Oldest Japanese whisky ever distilled goes to auction in August
If you want to see a little piece of whisky history made next month then mark the 21 August (Friday) in your calendar as it’s the day the Bonhams Hong Kong auction of Fine and Rare Wine & Whisky will take place. The highlight of this sale? A bottle of Yamazaki-55 Year Old, the oldest expression ever produced by the prestigious brand and the oldest Japanese whisky in history. The blockbuster of a single-malt was only released in June this year by Suntory, via a customer lottery system applicable only to residents from within Japan. The expression was distilled in the 1960s and matured in both Japanese Mizunara oak cask from 1960 and white oak cask from 1964 before it was bottled at 46% ABV. The whisky, which had an exceedingly-limited outturn of 100 bottles, is said to have a complex agarwood and sandalwood nose, rich in fruity scents with a sweet aftertaste. Excitingly, it’s even older than the coveted Yamazaki-50 Year Old, which – on several occasions over the years – has set the world auction record for a single bottle of Japanese whisky. Other wine and spirits highlights of the sale include a bottle of Saburomaru 1960 55-year-old, which means the auction will feature the two oldest Japanese whiskies currently available to the market, as well as Macallan Lalique 55-Year-Old, Karuizawa 1974 (40-year-old) Blue Geisha and Karuizawa 1974 (40-year-old) Gold Geisha and Bowmore 1955 (40-year-old). “We are thrilled to be the first international auction house to offer this historic and extremely popular bottle to the worldwide audience, which already has a strong appetite for the finest Japanese whisky,” Daniel Lam, Bonhams’ director of wine & spirits, Asia, commented. “One of only 100 that were produced, this amber joy by one of the most prestigious whisky distilleries is as rare as its quality is unmatched.”
It’s wholesome escapism, Tobermory-style
And finally… need some soothing colouring? Tobermory’s got your back
Remember a couple of years ago when colouring-in books for grown-ups were the thing? Well, Mull-based Tobermory Distillery reckons it’s time for a come-back. After all, lockdowns around the world have inspired many of us to get in touch with our artistic sides, so why not?

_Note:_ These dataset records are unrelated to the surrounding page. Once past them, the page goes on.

(* If $q>487$ is a power of an odd prime, then there are pairwise distinct elements $\alpha_1,\dots,\alpha_5\in\mathbb{F}_q^*$ such that $\alpha_i+\alpha_j$ is a nonzero square in $\mathbb{F}_q$ for all $1\le i<j\le5$. *)

From HB Require Import structures.
From mathcomp Require Import all_boot all_order all_algebra all_field.
Set Implicit Arguments. Unset Strict Implicit. Unset Printing Implicit Defensive.

From HB Require Import structures.
From mathcomp Require Import all_boot all_order all_algebra all_field.
From mathcomp Require Import cyclic zify ring lra.
Import GRing.Theory Num.Theory Order.TTheory.
Set Implicit Arguments. Unset Strict Implicit.
Local Open Scope ring_scope.

(* Let chi be the quadratic character of F (q = #|F| odd).  Character-sum
   orthogonality gives sum_a chi(a+b) chi(a+b') = -1 for b <> b', hence for
   any B the sums S_a = sum_(b in B) chi(a+b) satisfy sum_a S_a^2 <= q |B|.
   So some a in B has S_a >= -sqrt q, i.e. a + b is a nonzero square for
   roughly half of the b in B.  Starting from B = F^* and passing five times
   to such a neighbourhood yields the five elements as soon as q > 487. *)

Lemma expf_card_pred (F : finFieldType) (x : F) : x != 0 -> x ^+ #|F|.-1 = 1.
Proof.
move=> x_neq0; apply: (mulfI x_neq0); rewrite -exprS prednK ?expf_card ?mulr1 //.
exact: ltnW (finNzRing_gt1 F).
Qed.

Lemma finField_prim_root (F : finFieldType) : exists z : F, (#|F|.-1).-primitive_root z.
Proof.
have F_gt1 := finNzRing_gt1 F.
have /hasP[z _ prim_z] : has (#|F|.-1).-primitive_root (enum [pred x : F | x != 0]).
  apply: has_prim_root.
  - by rewrite -ltnS prednK // ltnW.
  - by apply/allP => x; rewrite mem_enum inE unity_rootE => /expf_card_pred ->.
  - exact: enum_uniq.
  - by rewrite -cardE (cardC1 (0 : F)).
by exists z.
Qed.

Section QuadraticCharacter.

Variable F : finFieldType.
Hypothesis oddF : odd #|F|.

Local Notation half := (#|F|.-1)./2.

Lemma double_half_card_pred : half.*2 = #|F|.-1.
Proof.
have F_gt0 : (0 < #|F|)%N by apply: ltnW (finNzRing_gt1 F).
have : ~~ odd #|F|.-1 by rewrite -oddS prednK.
by rewrite -[RHS]odd_double_half => /negbTE ->.
Qed.

Lemma half_card_pred_gt0 : (0 < half)%N.
Proof. by rewrite -double_gt0 double_half_card_pred ltn_predRL finNzRing_gt1. Qed.

Definition euler_power (x : F) := x ^+ half.

Lemma euler_powerM x y : euler_power (x * y) = euler_power x * euler_power y.
Proof. exact: exprMn. Qed.

Lemma sqr_euler_power x : x != 0 -> euler_power x ^+ 2 = 1.
Proof. by move=> x_neq0; rewrite -exprM muln2 double_half_card_pred expf_card_pred. Qed.

Lemma euler_power_pm1 x : x != 0 -> (euler_power x == 1) || (euler_power x == -1).
Proof. by move=> /sqr_euler_power /eqP; rewrite sqrf_eq1. Qed.

Lemma prim_root_euler_power_neq1 (z : F) :
  (#|F|.-1).-primitive_root z -> euler_power z != 1.
Proof.
move=> prim_z; rewrite /euler_power -(prim_order_dvd prim_z).
rewrite -double_half_card_pred -muln2; apply/negP => /dvdn_leq.
have := half_card_pred_gt0; lia.
Qed.

Lemma prim_root_neq0 (z : F) : (#|F|.-1).-primitive_root z -> z != 0.
Proof. by move=> prim_z; rewrite (prim_root_eq0 prim_z) -lt0n ltn_predRL finNzRing_gt1. Qed.

Lemma oppr1_neq1 : (-1 : F) != 1.
Proof.
have [z prim_z] := finField_prim_root F.
have := euler_power_pm1 (prim_root_neq0 prim_z).
rewrite (negbTE (prim_root_euler_power_neq1 prim_z)) => /eqP <-.
exact: prim_root_euler_power_neq1.
Qed.

Lemma euler_criterion x : x != 0 -> euler_power x = 1 -> exists y, y ^+ 2 = x.
Proof.
move=> x_neq0; have [z prim_z] := finField_prim_root F.
have [i ->] := prim_rootP prim_z (expf_card_pred x_neq0).
rewrite /euler_power -exprM => /eqP.
rewrite -(prim_order_dvd prim_z) -[X in (X %| _)%N]double_half_card_pred -muln2 mulnC.
rewrite dvdn_pmul2r ?half_card_pred_gt0 // => /dvdnP[j ->].
by exists (z ^+ j); rewrite -exprM.
Qed.

Definition quadchar (x : F) : int :=
  if x == 0 then 0 else if euler_power x == 1 then 1 else -1.

Lemma quadchar0 : quadchar 0 = 0.
Proof. by rewrite /quadchar eqxx. Qed.

Lemma quadchar1 : quadchar 1 = 1.
Proof. by rewrite /quadchar oner_eq0 /euler_power expr1n eqxx. Qed.

Lemma quadchar_eq1 x : quadchar x = 1 -> x != 0 /\ exists y, y ^+ 2 = x.
Proof.
rewrite /quadchar; have [//|x_neq0 /=] := eqVneq x 0.
by case: eqP => // euler_x _; split; last exact: euler_criterion.
Qed.

Lemma quadchar_le1 x : quadchar x <= 1.
Proof. by rewrite /quadchar; case: (x == 0); case: (euler_power x == 1). Qed.

Lemma sqr_quadchar_le1 x : quadchar x ^+ 2 <= 1.
Proof. by rewrite /quadchar; case: (x == 0); case: (euler_power x == 1). Qed.

Lemma sqr_quadchar x : x != 0 -> quadchar x ^+ 2 = 1.
Proof. by move=> x_neq0; rewrite /quadchar (negbTE x_neq0); case: (euler_power x == 1). Qed.

Lemma quadcharM x y : quadchar (x * y) = quadchar x * quadchar y.
Proof.
rewrite /quadchar mulf_eq0.
have [->|x_neq0] := eqVneq x 0; first by rewrite /= mul0r.
have [->|y_neq0] := eqVneq y 0; first by rewrite orbT mulr0.
rewrite /= euler_powerM.
have N1_neq1 := negbTE oppr1_neq1.
by case/orP: (euler_power_pm1 x_neq0) => /eqP->;
  case/orP: (euler_power_pm1 y_neq0) => /eqP->;
  rewrite ?mulrNN ?mulr1 ?mul1r ?eqxx ?N1_neq1.
Qed.

Lemma exists_quadchar_eqN1 : exists z, quadchar z = -1.
Proof.
have [z prim_z] := finField_prim_root F; exists z.
rewrite /quadchar (negbTE (prim_root_neq0 prim_z)).
by rewrite (negbTE (prim_root_euler_power_neq1 prim_z)).
Qed.

Lemma sum_quadchar : \sum_x quadchar x = 0.
Proof.
have [z chi_z] := exists_quadchar_eqN1.
have z_neq0 : z != 0 by apply: contra_eq_neq chi_z => ->; rewrite quadchar0.
have : \sum_x quadchar x = - \sum_x quadchar x.
  rewrite {1}(reindex_inj (mulfI z_neq0)) -mulN1r mulr_sumr /=.
  by apply: eq_bigr => x _; rewrite quadcharM chi_z.
lia.
Qed.

Lemma sum_quadchar_shift c : c != 0 -> \sum_x quadchar x * quadchar (x + c) = -1.
Proof.
move=> c_neq0; pose f x := 1 + c * x^-1.
have f_inj : injective f by move=> x y /addrI /(mulfI c_neq0) /invr_inj.
have sum_f : \sum_x quadchar (f x) = 0.
  by rewrite -[RHS]sum_quadchar [RHS](reindex_inj f_inj).
(* Since [0^-1 = 0], the bijection [f] sends [0] to [1]. *)
move: sum_f; rewrite (bigD1 0) //= {1}/f invr0 mulr0 addr0 quadchar1 => sum_f.
rewrite (bigD1 0) //= quadchar0 mul0r add0r.
have -> : \sum_(x | x != 0) quadchar x * quadchar (x + c) = \sum_(x | x != 0) quadchar (f x).
  apply: eq_bigr => x x_neq0; rewrite -quadcharM.
  have -> : x * (x + c) = x * x * f x by rewrite /f; field.
  by rewrite !quadcharM -expr2 sqr_quadchar ?mul1r.
by apply: (addrI 1); rewrite sum_f subrr.
Qed.

Lemma sum_quadcharDD b b' : b != b' ->
  \sum_a quadchar (a + b) * quadchar (a + b') = -1.
Proof.
move=> neq_bb'; rewrite (reindex_inj (addIr (- b))) /=.
rewrite -(@sum_quadchar_shift (b' - b)) ?subr_eq0 1?eq_sym //.
by apply: eq_bigr => a _; rewrite addrNK addrAC addrA.
Qed.

End QuadraticCharacter.

Lemma sum_indicator (T : finType) (A C : {pred T}) :
  \sum_(x in A) ((x \in C)%:R : int) = #|[predI A & C]|%:R.
Proof.
rewrite -sumr_const big_mkcondr /=; apply: eq_bigr => x _.
by case: (x \in C).
Qed.

Lemma sum_indicator1_le (T : finType) (A : {pred T}) (c : T) :
  \sum_(x in A) ((x == c)%:R : int) <= 1.
Proof.
rewrite (sum_indicator A (pred1 c)) lern1 -(card1 c).
by apply: subset_leq_card; apply/subsetP => x /andP[].
Qed.

Section SquareSumCliques.

Variable F : finFieldType.
Hypothesis oddF : odd #|F|.

Definition square_sum (x y : F) := (x != y) && (quadchar (x + y) == 1).

Lemma quadchar_corr_le (b b' : F) :
  \sum_a quadchar (a + b) * quadchar (a + b') <= (b' == b)%:R * #|F|%:R.
Proof.
have [<-|neq_bb'] := eqVneq b b'.
  rewrite mul1r -sumr_const.
  by apply: ler_sum => a _; rewrite -expr2 sqr_quadchar_le1.
by rewrite mul0r (sum_quadcharDD oddF neq_bb').
Qed.

Lemma sum_sqr_charsum_le (B : {set F}) :
  \sum_a (\sum_(b in B) quadchar (a + b)) ^+ 2 <= (#|F| * #|B|)%:R.
Proof.
have -> : \sum_a (\sum_(b in B) quadchar (a + b)) ^+ 2 =
    \sum_(b in B) \sum_(b' in B) \sum_a quadchar (a + b) * quadchar (a + b').
  under eq_bigr do rewrite expr2 big_distrlr /=.
  by rewrite exchange_big; apply: eq_bigr => b _; rewrite exchange_big.
rewrite mulnC -sum_nat_const natr_sum; apply: ler_sum => b _.
apply: le_trans (_ : _ <= \sum_(b' in B) (b' == b)%:R * #|F|%:R) _.
  by apply: ler_sum => b' _; exact: quadchar_corr_le.
by rewrite -mulr_suml ler_piMl ?ler0n ?sum_indicator1_le.
Qed.

Variable E : nat.
Hypothesis card_le_sqrE : (#|F| <= E * E)%N.

Lemma exists_charsum_ge (B : {set F}) : B != set0 ->
  exists2 a, a \in B & - E%:R <= \sum_(b in B) quadchar (a + b).
Proof.
move=> B_neq0; apply/exists_inP; apply: contraLR (sum_sqr_charsum_le B).
rewrite negb_exists_in -ltNge => /forall_inP charsum_lt.
have charsum_sqr_gt a : a \in B -> #|F|%:R < (\sum_(b in B) quadchar (a + b)) ^+ 2.
  move=> /charsum_lt; rewrite -ltNge; set S := \sum_(b in B) _ => S_lt.
  have : (#|F|%:R : int) <= E%:R * E%:R by rewrite -natrM ler_nat.
  nia.
apply: lt_le_trans (_ : _ < \sum_(a in B) (\sum_(b in B) quadchar (a + b)) ^+ 2) _.
  rewrite mulnC -sum_nat_const natr_sum; apply: ltr_sum charsum_sqr_gt.
  by have [a a_in_B] := set0Pn _ B_neq0; apply/hasP; exists a; rewrite ?mem_index_enum.
rewrite [leRHS](bigID (mem B)) /= lerDl.
by apply: sumr_ge0 => a _; exact: sqr_ge0.
Qed.

Lemma exists_large_square_sum_nbhd (B : {set F}) : B != set0 ->
  exists2 a, a \in B & (#|B| <= 2 * #|[set b in B | square_sum a b]| + E + 3)%N.
Proof.
move=> B_neq0; have [a a_in_B charsum_ge] := exists_charsum_ge B_neq0.
exists a => //; set N := [set b in B | square_sum a b].
(* The exceptional terms [b = a] and [b = - a] cost at most [3] in total. *)
have quadchar_le b : b \in B -> quadchar (a + b) <=
    2 * (b \in N)%:R - 1 + 2 * (b == a)%:R + (b == - a)%:R.
  move=> b_in_B; rewrite inE b_in_B /square_sum eq_sym /=.
  have [->|_] /= := eqVneq b a.
    by have := quadchar_le1 (a + a); case: (a == - a); lia.
  have [->|neq_b_Na] /= := eqVneq b (- a); first by rewrite subrr quadchar0.
  have : a + b != 0 by rewrite addrC addr_eq0.
  by rewrite /quadchar => /negbTE ->; case: ifP.
have := le_trans charsum_ge (ler_sum _ quadchar_le).
rewrite !big_split /= -!mulr_sumr sumr_const (sum_indicator B N).
have -> : #|[predI B & N]| = #|N| by apply: eq_card => b; rewrite !inE andb_idl // => /andP[].
rewrite -(ler_nat int) !natrD mulNrn => charsum_le.
have := sum_indicator1_le B a; have := sum_indicator1_le B (- a).
lra.
Qed.

Fixpoint clique_bound n := if n is n'.+1 then (2 * clique_bound n' + E + 3)%N else 1%N.

Lemma exists_square_sum_clique n (B : {set F}) : (clique_bound n <= #|B|)%N ->
  exists s : seq F, [/\ size s = n.+1, {subset s <= B} & pairwise square_sum s].
Proof.
elim: n B => [|n IHn] B /= card_B.
  have [b b_in_B] : exists b, b \in B by apply/set0Pn; rewrite -card_gt0.
  by exists [:: b]; split=> // x; rewrite inE => /eqP ->.
have B_neq0 : B != set0 by rewrite -card_gt0 (leq_trans _ card_B) // addn3.
have [a a_in_B card_nbhd] := exists_large_square_sum_nbhd B_neq0.
have [|s [size_s sub_s pairwise_s]] := IHn [set b in B | square_sum a b].
  rewrite -(leq_pmul2l (isT : (0 < 2)%N)) -(leq_add2r (E + 3)) !addnA.
  exact: leq_trans card_B card_nbhd.
exists (a :: s); split=> /=; first by rewrite size_s.
  by move=> x; rewrite inE => /predU1P[-> //|/sub_s]; rewrite inE => /andP[].
by rewrite pairwise_s andbT; apply/allP => x /sub_s; rewrite inE => /andP[].
Qed.
End SquareSumCliques.

Theorem lemma4p4 (F : finFieldType) (p k : nat) :
  prime p -> odd p -> #|F| = (p ^ k)%N -> (487 < p ^ k)%N ->
  exists a : 'I_5 -> F,
    injective a /\ (forall i, a i != 0) /\
    (forall i j : 'I_5, (i < j)%N -> a i + a j != 0 /\ exists b : F, b ^+ 2 = a i + a j).
Proof.
move=> _ odd_p card_F; rewrite -card_F => card_F_gt.
have oddF : odd #|F| by rewrite card_F oddX odd_p orbT.
(* For [q > 487], [E = q/20] satisfies [q <= E^2] and [clique_bound E 4 = 15 E + 61 < q - 1]. *)
pose E := (#|F| %/ 20)%N.
have card_le_sqrE : (#|F| <= E * E)%N.
  have := divn_eq #|F| 20; have := ltn_pmod #|F| (isT : (0 < 20)%N); rewrite -/E; nia.
have [|s [size_s sub_s pairwise_s]] :=
  exists_square_sum_clique oddF card_le_sqrE (n := 4) (B := [set~ 0]).
  by have := leq_trunc_div #|F| 20; rewrite cardsC1 /= -/E; lia.
have uniq_s : uniq s by apply: pairwise_uniq pairwise_s => x; rewrite /square_sum eqxx.
exists (fun i => nth 0 s i); split; [|split].
- by move=> i j /eqP; rewrite nth_uniq ?size_s // => /eqP /val_inj.
- move=> i; have /sub_s : nth 0 s i \in s by rewrite mem_nth ?size_s.
  by rewrite !inE.
- move=> i j lt_ij; apply: (quadchar_eq1 oddF); apply/eqP.
  have /(pairwiseP 0) square_sum_s := pairwise_s.
  have := square_sum_s i j; rewrite !inE size_s => /(_ (ltn_ord i) (ltn_ord j) lt_ij).
  by case/andP.
Qed.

As such it has launched a Tobermory colouring book, featuring 10 hand-drawn designs by artist Lydia Bourhill depicting the charm of the island, from its technicolour harbour to dramatic landscapes. “Our colourful home on the island of Mull is ample inspiration for those looking to keep up the enriching, artistic hobbies many have started in lockdown,” said Amy Burns, Tobermory Distillery’s global marketing manager. “It’s thanks to this nourishing artistic community and the island’s stunning natural beauty that Tobermory Distillery is expressive by nature, and this is reflected in the spirits we craft.” She continued: “It is this expressive creativity which formed the inspiration for our colouring-in books, designed to let you relax, unwind and unlock your artistic passions over a gin and tonic or dram of whisky.” The colouring books are available from Tobermorydistillery.com – soothing weekend plans sorted!